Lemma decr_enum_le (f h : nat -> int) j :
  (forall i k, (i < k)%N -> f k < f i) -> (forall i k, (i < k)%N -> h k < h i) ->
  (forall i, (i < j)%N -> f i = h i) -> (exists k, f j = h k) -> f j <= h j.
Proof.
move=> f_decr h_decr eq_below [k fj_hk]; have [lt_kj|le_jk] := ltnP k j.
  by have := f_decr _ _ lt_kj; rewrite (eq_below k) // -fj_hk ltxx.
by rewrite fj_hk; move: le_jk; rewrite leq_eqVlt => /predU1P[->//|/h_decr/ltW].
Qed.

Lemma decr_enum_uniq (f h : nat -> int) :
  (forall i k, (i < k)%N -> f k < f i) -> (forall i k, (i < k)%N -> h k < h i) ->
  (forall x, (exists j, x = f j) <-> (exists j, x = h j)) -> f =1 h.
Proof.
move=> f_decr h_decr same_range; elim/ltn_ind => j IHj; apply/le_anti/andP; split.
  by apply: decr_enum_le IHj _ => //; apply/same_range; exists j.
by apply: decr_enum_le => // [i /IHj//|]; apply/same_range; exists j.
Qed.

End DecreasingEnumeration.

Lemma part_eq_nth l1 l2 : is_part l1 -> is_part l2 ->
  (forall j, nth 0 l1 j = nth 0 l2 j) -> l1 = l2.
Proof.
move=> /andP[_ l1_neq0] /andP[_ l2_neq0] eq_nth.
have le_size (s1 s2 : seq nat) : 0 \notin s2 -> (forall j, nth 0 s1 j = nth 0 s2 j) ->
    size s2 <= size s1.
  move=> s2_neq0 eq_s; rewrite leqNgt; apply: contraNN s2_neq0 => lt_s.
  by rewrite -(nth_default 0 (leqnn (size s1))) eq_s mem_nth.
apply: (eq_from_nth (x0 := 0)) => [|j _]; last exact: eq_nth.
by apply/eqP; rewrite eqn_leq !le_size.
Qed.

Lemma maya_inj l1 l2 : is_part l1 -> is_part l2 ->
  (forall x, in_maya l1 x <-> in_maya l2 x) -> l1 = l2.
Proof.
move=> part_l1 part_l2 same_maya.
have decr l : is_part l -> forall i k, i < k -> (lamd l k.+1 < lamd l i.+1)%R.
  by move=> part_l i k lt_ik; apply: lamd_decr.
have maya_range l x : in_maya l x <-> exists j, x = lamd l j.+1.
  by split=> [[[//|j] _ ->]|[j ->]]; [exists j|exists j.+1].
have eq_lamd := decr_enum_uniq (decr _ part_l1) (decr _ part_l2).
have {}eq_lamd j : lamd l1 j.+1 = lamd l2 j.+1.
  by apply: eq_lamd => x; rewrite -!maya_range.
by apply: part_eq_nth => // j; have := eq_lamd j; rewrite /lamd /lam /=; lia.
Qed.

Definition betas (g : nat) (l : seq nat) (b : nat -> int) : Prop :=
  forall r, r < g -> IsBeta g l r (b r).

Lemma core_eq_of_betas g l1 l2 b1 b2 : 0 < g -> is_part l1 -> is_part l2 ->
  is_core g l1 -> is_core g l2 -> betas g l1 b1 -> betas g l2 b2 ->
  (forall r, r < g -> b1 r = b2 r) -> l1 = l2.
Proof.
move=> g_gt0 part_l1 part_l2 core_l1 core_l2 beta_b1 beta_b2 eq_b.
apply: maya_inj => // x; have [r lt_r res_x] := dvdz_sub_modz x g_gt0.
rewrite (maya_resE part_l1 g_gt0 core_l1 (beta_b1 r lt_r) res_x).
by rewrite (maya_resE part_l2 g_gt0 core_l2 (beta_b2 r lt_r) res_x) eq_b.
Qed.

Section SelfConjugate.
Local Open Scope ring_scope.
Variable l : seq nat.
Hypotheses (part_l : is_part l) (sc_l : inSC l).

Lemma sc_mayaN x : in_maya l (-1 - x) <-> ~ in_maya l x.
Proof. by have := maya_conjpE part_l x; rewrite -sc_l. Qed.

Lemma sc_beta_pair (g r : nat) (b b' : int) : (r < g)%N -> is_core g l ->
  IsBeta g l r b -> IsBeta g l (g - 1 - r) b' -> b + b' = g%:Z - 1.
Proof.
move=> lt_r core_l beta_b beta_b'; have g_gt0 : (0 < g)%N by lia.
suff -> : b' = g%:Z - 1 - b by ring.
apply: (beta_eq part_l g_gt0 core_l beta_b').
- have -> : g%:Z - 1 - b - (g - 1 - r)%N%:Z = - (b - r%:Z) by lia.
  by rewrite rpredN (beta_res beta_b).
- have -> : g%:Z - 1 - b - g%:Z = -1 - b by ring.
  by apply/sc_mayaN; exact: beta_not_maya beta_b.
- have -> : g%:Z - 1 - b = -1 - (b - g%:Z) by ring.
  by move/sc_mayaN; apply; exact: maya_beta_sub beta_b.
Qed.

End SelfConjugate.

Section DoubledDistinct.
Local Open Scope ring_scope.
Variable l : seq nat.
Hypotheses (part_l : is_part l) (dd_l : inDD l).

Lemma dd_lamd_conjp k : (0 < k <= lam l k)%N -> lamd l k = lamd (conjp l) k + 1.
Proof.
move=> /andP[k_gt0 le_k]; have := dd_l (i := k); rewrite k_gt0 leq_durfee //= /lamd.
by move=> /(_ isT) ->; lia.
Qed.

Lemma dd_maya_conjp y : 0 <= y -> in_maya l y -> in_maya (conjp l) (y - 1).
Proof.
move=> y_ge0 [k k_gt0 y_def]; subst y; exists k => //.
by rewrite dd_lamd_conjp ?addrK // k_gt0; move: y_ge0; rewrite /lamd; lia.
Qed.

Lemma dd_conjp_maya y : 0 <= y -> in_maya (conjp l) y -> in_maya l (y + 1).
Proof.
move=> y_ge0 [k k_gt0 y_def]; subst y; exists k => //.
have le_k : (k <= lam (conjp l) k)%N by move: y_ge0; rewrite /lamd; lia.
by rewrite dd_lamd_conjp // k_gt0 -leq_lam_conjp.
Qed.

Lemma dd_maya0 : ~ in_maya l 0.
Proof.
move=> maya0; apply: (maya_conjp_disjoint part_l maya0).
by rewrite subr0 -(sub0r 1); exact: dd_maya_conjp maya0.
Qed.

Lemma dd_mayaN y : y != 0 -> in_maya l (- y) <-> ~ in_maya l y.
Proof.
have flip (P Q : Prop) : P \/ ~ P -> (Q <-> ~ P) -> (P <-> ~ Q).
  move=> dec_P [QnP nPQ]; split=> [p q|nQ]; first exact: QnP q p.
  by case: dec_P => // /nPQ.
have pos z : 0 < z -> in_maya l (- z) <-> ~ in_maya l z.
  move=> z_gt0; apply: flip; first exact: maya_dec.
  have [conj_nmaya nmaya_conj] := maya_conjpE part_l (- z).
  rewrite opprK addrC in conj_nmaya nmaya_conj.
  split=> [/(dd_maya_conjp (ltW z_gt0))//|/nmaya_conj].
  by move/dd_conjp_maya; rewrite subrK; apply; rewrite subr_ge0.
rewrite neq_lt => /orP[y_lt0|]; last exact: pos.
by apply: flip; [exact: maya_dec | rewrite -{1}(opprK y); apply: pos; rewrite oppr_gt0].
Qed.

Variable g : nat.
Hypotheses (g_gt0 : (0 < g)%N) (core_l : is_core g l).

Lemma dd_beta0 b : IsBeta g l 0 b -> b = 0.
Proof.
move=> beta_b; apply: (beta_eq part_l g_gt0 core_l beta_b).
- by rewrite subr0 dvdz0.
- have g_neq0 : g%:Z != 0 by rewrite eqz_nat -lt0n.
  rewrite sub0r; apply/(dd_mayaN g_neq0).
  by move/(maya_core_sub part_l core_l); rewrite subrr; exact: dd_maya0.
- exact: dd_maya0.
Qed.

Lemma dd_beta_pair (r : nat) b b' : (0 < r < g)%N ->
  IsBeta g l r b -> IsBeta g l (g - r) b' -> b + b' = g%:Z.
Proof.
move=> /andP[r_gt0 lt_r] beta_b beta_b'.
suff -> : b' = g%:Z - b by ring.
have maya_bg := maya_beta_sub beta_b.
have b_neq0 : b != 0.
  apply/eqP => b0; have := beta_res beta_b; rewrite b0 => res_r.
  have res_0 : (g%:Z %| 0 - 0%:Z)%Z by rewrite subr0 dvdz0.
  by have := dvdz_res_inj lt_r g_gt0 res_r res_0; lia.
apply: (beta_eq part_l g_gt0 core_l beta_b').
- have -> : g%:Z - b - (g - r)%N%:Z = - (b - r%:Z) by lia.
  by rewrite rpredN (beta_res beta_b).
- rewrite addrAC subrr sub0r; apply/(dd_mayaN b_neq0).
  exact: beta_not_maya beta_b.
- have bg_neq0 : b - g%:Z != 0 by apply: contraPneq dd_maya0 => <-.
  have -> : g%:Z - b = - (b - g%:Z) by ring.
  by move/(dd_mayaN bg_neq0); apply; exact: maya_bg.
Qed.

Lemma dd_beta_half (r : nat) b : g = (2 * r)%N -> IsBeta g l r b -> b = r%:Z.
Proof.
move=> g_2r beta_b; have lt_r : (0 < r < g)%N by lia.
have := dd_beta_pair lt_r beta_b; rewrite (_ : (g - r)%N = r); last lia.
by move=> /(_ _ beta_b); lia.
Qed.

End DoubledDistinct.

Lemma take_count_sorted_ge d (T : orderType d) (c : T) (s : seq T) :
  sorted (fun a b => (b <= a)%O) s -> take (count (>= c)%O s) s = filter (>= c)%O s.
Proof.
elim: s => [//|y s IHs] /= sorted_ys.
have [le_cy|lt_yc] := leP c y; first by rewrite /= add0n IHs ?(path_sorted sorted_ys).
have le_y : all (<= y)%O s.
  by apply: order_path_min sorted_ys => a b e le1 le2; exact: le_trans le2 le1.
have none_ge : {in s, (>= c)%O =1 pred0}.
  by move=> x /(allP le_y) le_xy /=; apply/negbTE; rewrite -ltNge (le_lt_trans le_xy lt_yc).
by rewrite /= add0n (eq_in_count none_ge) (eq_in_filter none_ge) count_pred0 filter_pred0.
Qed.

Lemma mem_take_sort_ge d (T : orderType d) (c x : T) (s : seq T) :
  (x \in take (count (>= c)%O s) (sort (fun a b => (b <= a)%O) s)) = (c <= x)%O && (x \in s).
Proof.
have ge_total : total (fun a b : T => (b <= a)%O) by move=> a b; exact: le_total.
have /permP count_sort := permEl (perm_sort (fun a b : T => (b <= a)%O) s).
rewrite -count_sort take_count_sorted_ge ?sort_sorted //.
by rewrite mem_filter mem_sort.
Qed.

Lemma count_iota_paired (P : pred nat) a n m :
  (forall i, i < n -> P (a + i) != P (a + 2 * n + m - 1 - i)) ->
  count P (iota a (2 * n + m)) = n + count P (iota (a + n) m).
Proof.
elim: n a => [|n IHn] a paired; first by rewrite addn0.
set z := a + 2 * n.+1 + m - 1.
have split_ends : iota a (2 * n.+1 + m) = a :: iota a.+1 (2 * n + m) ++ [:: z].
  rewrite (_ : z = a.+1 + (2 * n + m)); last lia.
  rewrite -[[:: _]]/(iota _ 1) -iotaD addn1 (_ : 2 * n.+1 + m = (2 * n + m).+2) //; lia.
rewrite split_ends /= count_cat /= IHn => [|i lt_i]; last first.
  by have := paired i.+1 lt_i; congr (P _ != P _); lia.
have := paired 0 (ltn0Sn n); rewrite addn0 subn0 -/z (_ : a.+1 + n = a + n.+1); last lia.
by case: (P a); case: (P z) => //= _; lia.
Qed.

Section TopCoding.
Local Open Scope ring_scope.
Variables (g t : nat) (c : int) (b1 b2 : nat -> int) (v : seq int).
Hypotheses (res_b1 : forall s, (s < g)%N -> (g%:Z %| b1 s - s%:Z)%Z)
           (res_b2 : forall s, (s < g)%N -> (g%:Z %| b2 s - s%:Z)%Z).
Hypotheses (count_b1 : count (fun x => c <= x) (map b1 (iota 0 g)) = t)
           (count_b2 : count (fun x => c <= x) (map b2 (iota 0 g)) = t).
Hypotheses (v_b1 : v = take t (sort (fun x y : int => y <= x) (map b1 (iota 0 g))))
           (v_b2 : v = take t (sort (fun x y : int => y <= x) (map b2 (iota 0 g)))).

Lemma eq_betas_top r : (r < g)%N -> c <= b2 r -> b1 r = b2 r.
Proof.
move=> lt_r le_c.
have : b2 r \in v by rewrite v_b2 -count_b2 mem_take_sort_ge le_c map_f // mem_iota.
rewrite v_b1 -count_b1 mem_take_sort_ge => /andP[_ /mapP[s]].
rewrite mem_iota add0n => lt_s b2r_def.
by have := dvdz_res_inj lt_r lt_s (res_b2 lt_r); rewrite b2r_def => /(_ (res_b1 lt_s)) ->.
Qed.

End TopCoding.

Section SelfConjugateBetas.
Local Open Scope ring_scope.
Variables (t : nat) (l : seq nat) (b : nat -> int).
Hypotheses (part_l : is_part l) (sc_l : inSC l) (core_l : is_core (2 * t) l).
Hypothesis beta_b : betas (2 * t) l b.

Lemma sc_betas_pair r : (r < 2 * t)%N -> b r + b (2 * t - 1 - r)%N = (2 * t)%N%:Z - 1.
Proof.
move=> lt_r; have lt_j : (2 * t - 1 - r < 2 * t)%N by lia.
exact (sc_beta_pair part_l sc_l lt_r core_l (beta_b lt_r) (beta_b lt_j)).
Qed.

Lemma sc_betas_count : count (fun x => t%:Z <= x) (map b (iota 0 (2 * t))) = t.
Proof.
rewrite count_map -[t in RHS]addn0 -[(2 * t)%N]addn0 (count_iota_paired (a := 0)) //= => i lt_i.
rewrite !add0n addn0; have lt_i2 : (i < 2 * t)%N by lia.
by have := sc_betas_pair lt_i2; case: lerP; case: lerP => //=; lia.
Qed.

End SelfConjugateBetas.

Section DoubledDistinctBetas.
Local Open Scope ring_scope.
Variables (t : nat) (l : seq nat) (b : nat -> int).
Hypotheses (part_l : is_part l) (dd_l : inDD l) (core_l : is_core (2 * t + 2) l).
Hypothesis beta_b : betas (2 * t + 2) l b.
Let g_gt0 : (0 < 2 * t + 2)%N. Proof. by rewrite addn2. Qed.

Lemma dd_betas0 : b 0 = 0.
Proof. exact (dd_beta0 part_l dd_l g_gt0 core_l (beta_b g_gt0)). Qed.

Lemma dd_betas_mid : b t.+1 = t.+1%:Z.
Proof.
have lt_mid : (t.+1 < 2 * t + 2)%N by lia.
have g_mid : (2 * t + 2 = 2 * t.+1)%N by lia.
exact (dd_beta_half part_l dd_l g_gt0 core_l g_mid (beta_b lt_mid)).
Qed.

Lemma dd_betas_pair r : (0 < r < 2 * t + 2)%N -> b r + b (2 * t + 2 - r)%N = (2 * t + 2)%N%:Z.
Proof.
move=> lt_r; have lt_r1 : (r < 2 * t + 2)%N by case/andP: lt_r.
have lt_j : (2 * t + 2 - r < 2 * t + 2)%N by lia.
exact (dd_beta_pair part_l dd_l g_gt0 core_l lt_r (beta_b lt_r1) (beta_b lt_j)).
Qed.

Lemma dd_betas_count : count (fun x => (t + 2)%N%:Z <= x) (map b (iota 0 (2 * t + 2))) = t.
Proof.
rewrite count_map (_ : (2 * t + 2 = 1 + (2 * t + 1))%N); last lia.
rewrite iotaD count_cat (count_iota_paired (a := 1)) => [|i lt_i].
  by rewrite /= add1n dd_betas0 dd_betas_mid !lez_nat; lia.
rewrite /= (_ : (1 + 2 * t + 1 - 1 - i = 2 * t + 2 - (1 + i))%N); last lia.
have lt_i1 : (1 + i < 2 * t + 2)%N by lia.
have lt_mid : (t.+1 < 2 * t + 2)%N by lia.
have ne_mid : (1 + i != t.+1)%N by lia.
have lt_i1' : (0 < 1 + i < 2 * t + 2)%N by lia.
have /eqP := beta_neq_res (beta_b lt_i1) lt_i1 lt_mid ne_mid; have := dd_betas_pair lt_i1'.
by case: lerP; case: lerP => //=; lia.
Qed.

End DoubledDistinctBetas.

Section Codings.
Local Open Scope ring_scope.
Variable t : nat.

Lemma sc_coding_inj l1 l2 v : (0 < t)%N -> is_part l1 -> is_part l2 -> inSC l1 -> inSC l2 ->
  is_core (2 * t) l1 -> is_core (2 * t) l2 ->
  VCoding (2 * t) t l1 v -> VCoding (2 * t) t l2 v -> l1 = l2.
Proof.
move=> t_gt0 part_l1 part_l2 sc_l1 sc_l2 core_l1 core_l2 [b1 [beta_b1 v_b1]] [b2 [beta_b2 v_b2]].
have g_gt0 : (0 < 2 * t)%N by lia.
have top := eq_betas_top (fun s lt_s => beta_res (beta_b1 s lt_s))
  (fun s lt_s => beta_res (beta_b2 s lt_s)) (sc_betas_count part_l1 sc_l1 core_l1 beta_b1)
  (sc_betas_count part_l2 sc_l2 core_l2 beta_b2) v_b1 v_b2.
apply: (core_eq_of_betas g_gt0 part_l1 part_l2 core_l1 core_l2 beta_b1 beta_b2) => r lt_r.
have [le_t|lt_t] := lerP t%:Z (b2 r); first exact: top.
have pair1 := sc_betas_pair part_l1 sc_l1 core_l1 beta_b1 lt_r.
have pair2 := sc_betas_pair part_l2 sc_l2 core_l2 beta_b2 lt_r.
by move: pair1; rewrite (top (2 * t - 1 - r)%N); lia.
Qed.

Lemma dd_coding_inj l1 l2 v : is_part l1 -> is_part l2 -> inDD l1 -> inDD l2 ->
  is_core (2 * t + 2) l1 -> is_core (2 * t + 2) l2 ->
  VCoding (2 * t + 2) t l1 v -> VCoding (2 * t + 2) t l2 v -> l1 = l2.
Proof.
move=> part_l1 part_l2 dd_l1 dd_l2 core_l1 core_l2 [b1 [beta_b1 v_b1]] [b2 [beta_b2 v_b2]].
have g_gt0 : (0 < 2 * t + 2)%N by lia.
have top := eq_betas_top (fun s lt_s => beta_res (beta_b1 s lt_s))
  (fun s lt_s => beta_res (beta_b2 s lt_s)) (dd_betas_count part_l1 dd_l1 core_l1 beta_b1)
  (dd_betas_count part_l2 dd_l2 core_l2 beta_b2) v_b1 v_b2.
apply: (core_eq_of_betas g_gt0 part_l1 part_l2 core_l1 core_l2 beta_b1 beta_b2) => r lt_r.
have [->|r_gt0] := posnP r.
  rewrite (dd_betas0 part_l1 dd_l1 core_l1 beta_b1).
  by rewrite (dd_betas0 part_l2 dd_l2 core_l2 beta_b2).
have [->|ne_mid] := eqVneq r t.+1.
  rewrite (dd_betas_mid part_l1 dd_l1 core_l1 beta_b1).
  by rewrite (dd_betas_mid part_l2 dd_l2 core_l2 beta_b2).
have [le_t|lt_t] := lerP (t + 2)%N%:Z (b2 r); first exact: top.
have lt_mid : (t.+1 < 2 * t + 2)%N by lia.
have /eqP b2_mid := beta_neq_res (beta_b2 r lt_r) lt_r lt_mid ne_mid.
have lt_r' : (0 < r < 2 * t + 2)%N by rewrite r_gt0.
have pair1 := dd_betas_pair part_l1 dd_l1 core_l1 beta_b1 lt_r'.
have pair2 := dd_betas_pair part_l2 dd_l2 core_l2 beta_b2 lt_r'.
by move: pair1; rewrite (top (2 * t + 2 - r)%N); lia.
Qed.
______
_Work to be completed:_ Using the line that contains "have pair1 := sc_betas_pair" as the first, reproduce each line exactly through the last line of the listing.

_Completed task:_
have pair1 := sc_betas_pair part_l1 sc_l1 core_l1 beta_b1 lt_r.
have pair2 := sc_betas_pair part_l2 sc_l2 core_l2 beta_b2 lt_r.
by move: pair1; rewrite (top (2 * t - 1 - r)%N); lia.
Qed.

Lemma dd_coding_inj l1 l2 v : is_part l1 -> is_part l2 -> inDD l1 -> inDD l2 ->
  is_core (2 * t + 2) l1 -> is_core (2 * t + 2) l2 ->
  VCoding (2 * t + 2) t l1 v -> VCoding (2 * t + 2) t l2 v -> l1 = l2.
Proof.
move=> part_l1 part_l2 dd_l1 dd_l2 core_l1 core_l2 [b1 [beta_b1 v_b1]] [b2 [beta_b2 v_b2]].
have g_gt0 : (0 < 2 * t + 2)%N by lia.
have top := eq_betas_top (fun s lt_s => beta_res (beta_b1 s lt_s))
  (fun s lt_s => beta_res (beta_b2 s lt_s)) (dd_betas_count part_l1 dd_l1 core_l1 beta_b1)
  (dd_betas_count part_l2 dd_l2 core_l2 beta_b2) v_b1 v_b2.
apply: (core_eq_of_betas g_gt0 part_l1 part_l2 core_l1 core_l2 beta_b1 beta_b2) => r lt_r.
have [->|r_gt0] := posnP r.
  rewrite (dd_betas0 part_l1 dd_l1 core_l1 beta_b1).
  by rewrite (dd_betas0 part_l2 dd_l2 core_l2 beta_b2).
have [->|ne_mid] := eqVneq r t.+1.
  rewrite (dd_betas_mid part_l1 dd_l1 core_l1 beta_b1).
  by rewrite (dd_betas_mid part_l2 dd_l2 core_l2 beta_b2).
have [le_t|lt_t] := lerP (t + 2)%N%:Z (b2 r); first exact: top.
have lt_mid : (t.+1 < 2 * t + 2)%N by lia.
have /eqP b2_mid := beta_neq_res (beta_b2 r lt_r) lt_r lt_mid ne_mid.
have lt_r' : (0 < r < 2 * t + 2)%N by rewrite r_gt0.
have pair1 := dd_betas_pair part_l1 dd_l1 core_l1 beta_b1 lt_r'.
have pair2 := dd_betas_pair part_l2 dd_l2 core_l2 beta_b2 lt_r'.
by move: pair1; rewrite (top (2 * t + 2 - r)%N); lia.
Qed.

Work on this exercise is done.